US Spaceports Need More Funding to Prevent a Launch Bottleneck
Satellites underpin multiple global sectors such as finance, navigation, and communications, and they are at risk of experiencing major delays in reaching orbit. The U.S. space industry is rapidly approaching a point where satellite operators and launch providers run out of available spaceports to launch from. According to two recent government reports, the main cause of this emerging bottleneck is insufficient and outdated launch infrastructure, such as launch pads and payload integration facilities.
NASA’s Office of the Inspector General (OIG) recently released a report warning that the Kennedy Space Center in Florida and the Wallops Flight Facility in Virginia lack the capacity to support the increasing number of government and commercial launches. Much of this infrastructure dates to the 1960s and is “becoming increasingly dated.” NASA is working to upgrade and expand necessary launch infrastructure, but the report highlights that “the Agency struggles with declining construction and maintenance budgets and statutory funding barriers.”
The findings of the OIG investigation are strikingly similar to those of a 2025 Government Accountability Office (GAO) audit of Space Force launch infrastructure. The GAO found that the Space Force, like NASA, needs to expand and modernize its spaceports, and that it undercharges commercial launch companies that rely on its facilities at Cape Canaveral and Vandenberg. As a result, the government absorbs costs that should be recovered from commercial users and reinvested into infrastructure upgrades. Thus, the U.S. government’s principal spaceport operators face the same challenge: they are not recovering sufficient costs from commercial users to modernize and expand the infrastructure on which those users rely, leaving spaceports short of the resources needed to meet growing launch demand.
To address this issue, America’s principal spaceport operators, NASA and the Space Force, should increase the fees charged to commercial users of government launch infrastructure to fund upgrades. More importantly, Congress can help by providing additional resources for spaceport operators to expand and modernize infrastructure and by reforming environmental regulations that unnecessarily delay infrastructure deployment.
Fortunately, since the publication of the GAO report, the Space Force has begun implementing reforms to revise its cost recovery methodology for commercial users of its launch facilities. NASA should follow that example and leverage the findings of its OIG report to overhaul its cost recovery practices at Wallops and the Kennedy Space Center. Better cost recovery would allow NASA to reinvest user fees directly into infrastructure improvements.

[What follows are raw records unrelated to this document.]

(* Let $k\ge 1$. Let $f, g_1,\ldots,g_k:(-\infty,0)\to\mathbb{R}$ and $s:[0,\infty)\to\mathbb{R}$ be ordinal decreasing functions that are strictly positive at every point of their domains. Consider the recursive algorithm \[ M(x)=\begin{cases} f(x), & x<0,\\ g_1\bigl(-M(x-g_2(-M(x-\cdots-g_k(-M(x-s(x)))\cdots)))\bigr), & x\ge 0.\end{cases} \] Then for every $x\in\mathbb{R}$ the computation of $M(x)$ halts (i.e. the recursion is well-founded and $M(x)$ is a well-defined real number), and the resulting function $M:\mathbb{R}\to\mathbb{R}$ is ordinal decreasing.
   Context: For $D\subseteq\mathbb{R}$ and $h:D\to\mathbb{R}$, a strictly decreasing sequence $x_1>x_2>x_3>\cdots$ of points of $D$ is called $h$-bad if $h(x_1)>h(x_2)>h(x_3)>\cdots$. The function $h$ is called ordinal decreasing if there is no infinite $h$-bad sequence. *)

From Stdlib Require Import Reals Lra Lia.
Open Scope R_scope.

Definition ordinal_decreasing (D : R -> Prop) (h : R -> R) : Prop :=
  ~ (exists u : nat -> R,
       (forall n, D (u n)) /\
       (forall n, u (S n) < u n) /\
       (forall n, h (u (S n)) < h (u n))).

(* Big-step operational semantics of the recursive algorithm
     M(x) = f(x)                                   if x < 0
     M(x) = g_1(-M(x - g_2(-M(x - ... - g_k(-M(x - s(x))) ...))))  if x >= 0.
   [Eval x v] : the computation of M(x) halts with output v.
   [Chain x j a] : the j-th nested inner call (1 <= j <= k) halts with value a, where
     the k-th inner call is M(x - s(x)) and the j-th (j < k) is
     M(x - g_{j+1}(-a_{j+1})).
   A call g_i(y) is only defined when y lies in the domain (-oo,0) of g_i. *)
Inductive Eval (k : nat) (f s : R -> R) (g : nat -> R -> R) : R -> R -> Prop :=
| Eval_neg : forall x, x < 0 -> Eval k f s g x (f x)
| Eval_nonneg : forall x a, 0 <= x -> Chain k f s g x 1 a -> - a < 0 ->
    Eval k f s g x (g 1%nat (- a))
with Chain (k : nat) (f s : R -> R) (g : nat -> R -> R) : R -> nat -> R -> Prop :=
| Chain_base : forall x a, Eval k f s g (x - s x) a -> Chain k f s g x k a
| Chain_step : forall x j b a, (j < k)%nat -> Chain k f s g x (S j) b -> - b < 0 ->
    Eval k f s g (x - g (S j) (- b)) a -> Chain k f s g x j a.

(* Let z be the supremum of the x such that M halts on (-oo, x] and is ordinal
   decreasing there; z >= 0 because M = f on the negative reals.  Just right of z,
   M(u) = g_1(-M(u - shift_(k-1) u)), where the nested calls are made at the points
   u - shift_d u.  By induction on d, shift_d is positive and ordinal decreasing
   on [z, z + e): a descending run of shift_(d+1) = g(-M(u - shift_d u)) becomes,
   after passing twice to a subsequence because g and M (left of z) are ordinal
   decreasing, a descending run of shift_d.  A positive ordinal decreasing function
   exceeds u - z for u close enough to z on the right, so all nested calls land
   left of z, where M is already known to halt.  Hence M halts and is ordinal
   decreasing on some [z, z + e), contradicting the choice of z. *)

From Stdlib Require Import Reals Lra Lia Classical IndefiniteDescription ClassicalEpsilon.
Open Scope R_scope.

Definition increasing_index (phi : nat -> nat) : Prop :=
  forall n m, (n < m)%nat -> (phi n < phi m)%nat.
Definition strictly_decreasing (u : nat -> R) : Prop :=
  forall n m, (n < m)%nat -> u m < u n.
Definition strictly_increasing (u : nat -> R) : Prop :=
  forall n m, (n < m)%nat -> u n < u m.
Definition nondecreasing (u : nat -> R) : Prop :=
  forall n m, (n < m)%nat -> u n <= u m.

Lemma succ_chain {A : Type} (Rel : A -> A -> Prop) (a : nat -> A) :
  (forall x y w, Rel x y -> Rel y w -> Rel x w) ->
  (forall i, Rel (a i) (a (S i))) -> forall n m, (n < m)%nat -> Rel (a n) (a m).
Proof.
  intros Htrans Hsucc n m Hnm.
  induction Hnm; [apply Hsucc | eapply Htrans; eauto].
Qed.

Lemma strictly_decreasing_succ (u : nat -> R) :
  (forall i, u (S i) < u i) -> strictly_decreasing u.
Proof. intros Hu n m. apply (succ_chain (fun a b => b < a) u); [intros; lra | exact Hu]. Qed.

Lemma increasing_index_ge (phi : nat -> nat) :
  increasing_index phi -> forall n, (n <= phi n)%nat.
Proof. intros Hphi n. induction n; [lia|]. specialize (Hphi n (S n)). lia. Qed.

Lemma strictly_decreasing_comp (u : nat -> R) (phi : nat -> nat) :
  strictly_decreasing u -> increasing_index phi -> strictly_decreasing (fun n => u (phi n)).
Proof. intros Hu Hphi n m Hnm. apply Hu, Hphi, Hnm. Qed.

Lemma strictly_decreasing_le_first (u : nat -> R) :
  (forall i, u (S i) < u i) -> forall n, u n <= u 0%nat.
Proof. intros Hu n. induction n; [lra|]. specialize (Hu n). lra. Qed.

Lemma iterate_choice (P : nat -> Prop) (Rel : nat -> nat -> Prop) (n0 : nat) :
  P n0 -> (forall n, P n -> exists m, (n < m)%nat /\ P m /\ Rel n m) ->
  exists phi, increasing_index phi /\ forall i, P (phi i) /\ Rel (phi i) (phi (S i)).
Proof.
  intros H0 Hnext.
  assert (Hc : forall n, exists m, P n -> (n < m)%nat /\ P m /\ Rel n m).
  { intro n. destruct (classic (P n)) as [Hn|Hn].
    - destruct (Hnext n Hn) as [m Hm]. exists m. auto.
    - exists n. intro. contradiction. }
  destruct (functional_choice _ Hc) as [c Hc'].
  set (phi i := Nat.iter i c n0).
  assert (HP : forall i, P (phi i)).
  { induction i; [exact H0 | apply Hc'; exact IHi]. }
  exists phi. split.
  - intros n m. apply (succ_chain lt phi); [intros; lia|]. intro i. apply (Hc' _ (HP i)).
  - intro i. split; [apply HP | apply (Hc' _ (HP i))].
Qed.

Lemma monotone_subseq (x : nat -> R) :
  exists phi, increasing_index phi /\
    (strictly_decreasing (fun n => x (phi n)) \/ nondecreasing (fun n => x (phi n))).
Proof.
  set (peak n := forall m, (n < m)%nat -> x m < x n).
  destruct (classic (forall N, exists n, (N <= n)%nat /\ peak n)) as [Hpeaks|Hfinite].
  - destruct (Hpeaks 0%nat) as [n0 [_ Hn0]].
    destruct (iterate_choice peak (fun _ _ => True) n0 Hn0) as [phi [Hphi HP]].
    { intros n _. destruct (Hpeaks (S n)) as [m [Hm Pm]]. exists m. repeat split; auto. }
    exists phi. split; [exact Hphi|]. left. intros n m Hnm. apply (HP n), Hphi, Hnm.
  - apply not_all_ex_not in Hfinite. destruct Hfinite as [N HN].
    destruct (iterate_choice (fun n => (N <= n)%nat) (fun n m => x n <= x m) N)
      as [phi [Hphi HP]]; [lia| |].
    { intros n Hn. destruct (classic (exists m, (n < m)%nat /\ x n <= x m)) as [[m Hm]|Hno].
      - exists m. intuition lia.
      - exfalso. apply HN. exists n. split; [exact Hn|].
        intros m Hm. apply Rnot_le_lt. intro. apply Hno. eauto. }
    exists phi. split; [exact Hphi|]. right. intros n m.
    apply (succ_chain Rle (fun n => x (phi n))); [intros; lra|]. intro i. apply HP.
Qed.

Lemma ordinal_decreasingI (D : R -> Prop) (h : R -> R) :
  (forall u, (forall n, D (u n)) -> strictly_decreasing u ->
     ~ strictly_decreasing (fun n => h (u n))) ->
  ordinal_decreasing D h.
Proof.
  intros Hno [u [HD [Hu Hh]]].
  apply (Hno u HD); apply strictly_decreasing_succ; assumption.
Qed.

Lemma ordinal_decreasing_no_descent (D : R -> Prop) (h : R -> R) (u : nat -> R) :
  ordinal_decreasing D h -> (forall n, D (u n)) -> strictly_decreasing u ->
  ~ strictly_decreasing (fun n => h (u n)).
Proof.
  intros Hod HD Hu Hh. apply Hod. exists u.
  repeat split; [exact HD | intro n; apply Hu | intro n; apply Hh]; lia.
Qed.

Lemma ordinal_decreasing_sub (D D' : R -> Prop) (h : R -> R) :
  (forall x, D' x -> D x) -> ordinal_decreasing D h -> ordinal_decreasing D' h.
Proof.
  intros Hsub Hod. apply ordinal_decreasingI. intros u HD.
  apply (ordinal_decreasing_no_descent D); auto.
Qed.

Lemma ordinal_decreasing_ext (D : R -> Prop) (h h' : R -> R) :
  (forall x, D x -> h x = h' x) -> ordinal_decreasing D h -> ordinal_decreasing D h'.
Proof.
  intros Heq Hod. apply ordinal_decreasingI. intros u HD Hu Hh'.
  apply (ordinal_decreasing_no_descent D h u Hod HD Hu).
  intros n m Hnm. rewrite !Heq by apply HD. apply Hh', Hnm.
Qed.

Lemma ordinal_decreasing_from_le (D : R -> Prop) (h : R -> R) :
  (forall x, D x -> ordinal_decreasing (fun y => y <= x) h) -> ordinal_decreasing D h.
Proof.
  intros Hle [u [HD [Hu Hh]]]. apply (Hle (u 0%nat) (HD 0%nat)).
  exists u. repeat split; auto. apply strictly_decreasing_le_first, Hu.
Qed.

Lemma ordinal_decreasing_glue (z b : R) (h : R -> R) :
  ordinal_decreasing (fun x => x < z) h -> ordinal_decreasing (fun x => z <= x <= b) h ->
  ordinal_decreasing (fun x => x <= b) h.
Proof.
  intros Hlt Hge [u [Hb [Hu Hh]]].
  destruct (classic (exists N, u N < z)) as [[N HN]|Hnone].
  - apply Hlt. exists (fun n => u (N + n)%nat).
    repeat split; intro n; rewrite ?Nat.add_succ_r; [|apply Hu|apply Hh].
    enough (u (N + n)%nat <= u N) by lra.
    induction n; [rewrite Nat.add_0_r; lra|].
    rewrite Nat.add_succ_r. specialize (Hu (N + n)%nat). lra.
  - apply Hge. exists u. split; [|auto]. intro n. split; [|apply Hb].
    apply Rnot_lt_le. intro Hn. apply Hnone. eauto.
Qed.

Lemma ordinal_decreasing_increasing_subseq (D : R -> Prop) (h : R -> R) (p : nat -> R) :
  ordinal_decreasing D h -> (forall n, D (p n)) -> strictly_decreasing (fun n => h (p n)) ->
  exists phi, increasing_index phi /\ strictly_increasing (fun n => p (phi n)).
Proof.
  intros Hod HD Hh. destruct (monotone_subseq p) as [phi [Hphi [Hdec|Hnd]]].
  - exfalso. apply (ordinal_decreasing_no_descent D h _ Hod (fun n => HD (phi n)) Hdec).
    apply (strictly_decreasing_comp (fun n => h (p n))); assumption.
  - exists phi. split; [exact Hphi|]. intros n m Hnm.
    destruct (Rle_lt_or_eq_dec _ _ (Hnd n m Hnm)) as [Hlt|Heq]; [exact Hlt|].
    exfalso. pose proof (Hh _ _ (Hphi n m Hnm)) as Hne. simpl in Hne. rewrite Heq in Hne. lra.
Qed.

Lemma inv_INR_S_pos (n : nat) : 0 < / INR (S n).
Proof. apply Rinv_0_lt_compat, lt_0_INR. lia. Qed.

Lemma inv_INR_S_eventually_lt (c : R) :
  0 < c -> exists N, forall n, (N <= n)%nat -> / INR (S n) < c.
Proof.
  intro Hc. destruct (archimed_cor1 c Hc) as [N [HN HN0]]. exists N. intros n Hn.
  eapply Rle_lt_trans; [|exact HN].
  apply Rinv_le_contravar; [apply lt_0_INR; lia | apply le_INR; lia].
Qed.

Lemma vanishing_pos_decreasing_subseq (t : nat -> R) :
  (forall n, 0 < t n < / INR (S n)) ->
  exists phi, increasing_index phi /\ strictly_decreasing (fun n => t (phi n)).
Proof.
  intro Ht. destruct (monotone_subseq t) as [phi [Hphi [Hdec|Hnd]]]; [eauto|].
  exfalso. destruct (inv_INR_S_eventually_lt (t (phi 0%nat))) as [N HN]; [apply Ht|].
  pose proof (Hnd 0%nat (S N) ltac:(lia)). pose proof (Ht (phi (S N))).
  pose proof (increasing_index_ge phi Hphi (S N)).
  pose proof (HN (phi (S N)) ltac:(lia)). simpl in *. lra.
Qed.

Lemma right_vanishing_nondecreasing_const (u : nat -> R) (z : R) (phi : nat -> nat) :
  (forall n, z <= u n < z + / INR (S n)) -> increasing_index phi ->
  nondecreasing (fun n => u (phi n)) -> forall n, u (phi n) = z.
Proof.
  intros Hu Hphi Hnd n.
  destruct (Rle_lt_or_eq_dec _ _ (proj1 (Hu (phi n)))) as [Hlt|Heq]; [|auto].
  exfalso. destruct (inv_INR_S_eventually_lt (u (phi n) - z)) as [N HN]; [lra|].
  pose proof (Hnd n (S (N + n)) ltac:(lia)). pose proof (Hu (phi (S (N + n)))).
  pose proof (increasing_index_ge phi Hphi (S (N + n))).
  pose proof (HN (phi (S (N + n))) ltac:(lia)). simpl in *. lra.
Qed.

Lemma right_approach_decreasing_subseq (h : R -> R) (u : nat -> R) (z : R) :
  (forall n, z <= u n < z + / INR (S n)) -> (forall n, 0 < h (u n) < / INR (S n)) ->
  exists chi, increasing_index chi /\
    strictly_decreasing (fun n => u (chi n)) /\ strictly_decreasing (fun n => h (u (chi n))).
Proof.
  intros Hu Hh.
  destruct (vanishing_pos_decreasing_subseq (fun n => h (u n)) Hh) as [phi [Hphi Hdec]].
  destruct (monotone_subseq (fun n => u (phi n))) as [psi [Hpsi [Hudec|Hnd]]].
  - exists (fun n => phi (psi n)). repeat split.
    + intros n m Hnm. apply Hphi, Hpsi, Hnm.
    + exact Hudec.
    + apply (strictly_decreasing_comp (fun n => h (u (phi n)))); assumption.
  - exfalso.
    assert (Hconst := right_vanishing_nondecreasing_const u z (fun n => phi (psi n)) Hu
                        ltac:(intros n m Hnm; apply Hphi, Hpsi, Hnm) Hnd).
    pose proof (Hdec _ _ (Hpsi 0%nat 1%nat ltac:(lia))) as Hlt. simpl in Hlt.
    rewrite (Hconst 0%nat), (Hconst 1%nat) in Hlt. lra.
Qed.

(* If u_n -> z+ with t(u_n) <= u_n - z, some subsequence makes u and t(u) both
   strictly decrease. *)
Lemma ordinal_decreasing_pos_gt_gap (t : R -> R) (z e0 : R) :
  0 < e0 -> ordinal_decreasing (fun u => z <= u < z + e0) t ->
  (forall u, z <= u < z + e0 -> 0 < t u) ->
  exists e, 0 < e /\ forall u, z <= u < z + e -> u - z < t u.
Proof.
  intros He0 Hod Hpos. apply NNPP. intro Hno.
  assert (Hbad : forall n, exists u, z <= u < z + Rmin e0 (/ INR (S n)) /\ t u <= u - z).
  { intro n. apply NNPP. intro Hn. apply Hno. exists (Rmin e0 (/ INR (S n))).
    split; [apply Rmin_glb_lt; [exact He0 | apply inv_INR_S_pos]|].
    intros u Hu. apply Rnot_le_lt. intro Htu. apply Hn. eauto. }
  destruct (functional_choice _ Hbad) as [u Hu].
  assert (Hdom : forall n, z <= u n < z + e0 /\ u n < z + / INR (S n)).
  { intro n. pose proof (Rmin_l e0 (/ INR (S n))). pose proof (Rmin_r e0 (/ INR (S n))).
    destruct (Hu n) as [Hun _]. lra. }
  destruct (right_approach_decreasing_subseq t u z) as [chi [_ [Hudec Htdec]]].
  - intro n. destruct (Hdom n) as [[H1 _] H2]. lra.
  - intro n. pose proof (Hpos (u n) (proj1 (Hdom n))). pose proof (Hdom n).
    destruct (Hu n) as [_ Htu]. lra.
  - apply (ordinal_decreasing_no_descent _ t _ Hod (fun n => proj1 (Hdom (chi n))) Hudec Htdec).
Qed.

Some may worry that higher user fees will push commercial launch providers to other countries, but this concern overestimates the risk. Foreign spaceport operators also charge users, and unlike its competitors, the United States already offers commercial launch providers an unmatched combination of launch cadence, orbital access, and a mature supply chain, even with its aging infrastructure. The most comparable alternatives are in Europe and China, but the European spaceport at Kourou, French Guiana lacks launch capacity, and launching from China carries economic and security risks that deter most non-Chinese operators. A modest fee increase is unlikely to change that calculus.
Cost recovery reform alone is only one step toward closing the funding gap for NASA or the Space Force. As the OIG report highlights, declining construction and maintenance budgets and statutory funding barriers are compounding the problem. Thus, in addition to spaceport operators improving internal cost recovery, Congress should provide sufficient funding for spaceport modernization and reform environmental regulations that slow down infrastructure buildout.
Congress should provide NASA with additional funding in its annual budget to modernize and expand its spaceport infrastructure so it can better accommodate government and commercial launch needs. Congress should do the same for the Space Force through the annual appropriations process or the National Defense Authorization Act (NDAA).
Congress should also reform environmental regulations, such as the National Environmental Policy Act (NEPA), that unnecessarily delay spaceport infrastructure expansion. Project opponents frequently use the NEPA review process as a litigation tool to block government infrastructure projects. The resulting delays and high legal costs often cause agencies to abandon projects altogether. While the Executive Branch has made some progress in modernizing NEPA rules, Congress should reform the NEPA process through legislation that prevents the review process from being used to delay critical infrastructure projects. This reform would allow NASA and the Space Force to improve spaceports more quickly and help prevent a launch bottleneck.
The NASA OIG and GAO investigations independently reach the same conclusion: American spaceports cannot sustain the launch needs of government missions and the rapidly growing commercial space industry. Unless Congress and federal agencies modernize and expand these facilities soon, launch infrastructure will become the principal constraint on continued U.S. leadership in space.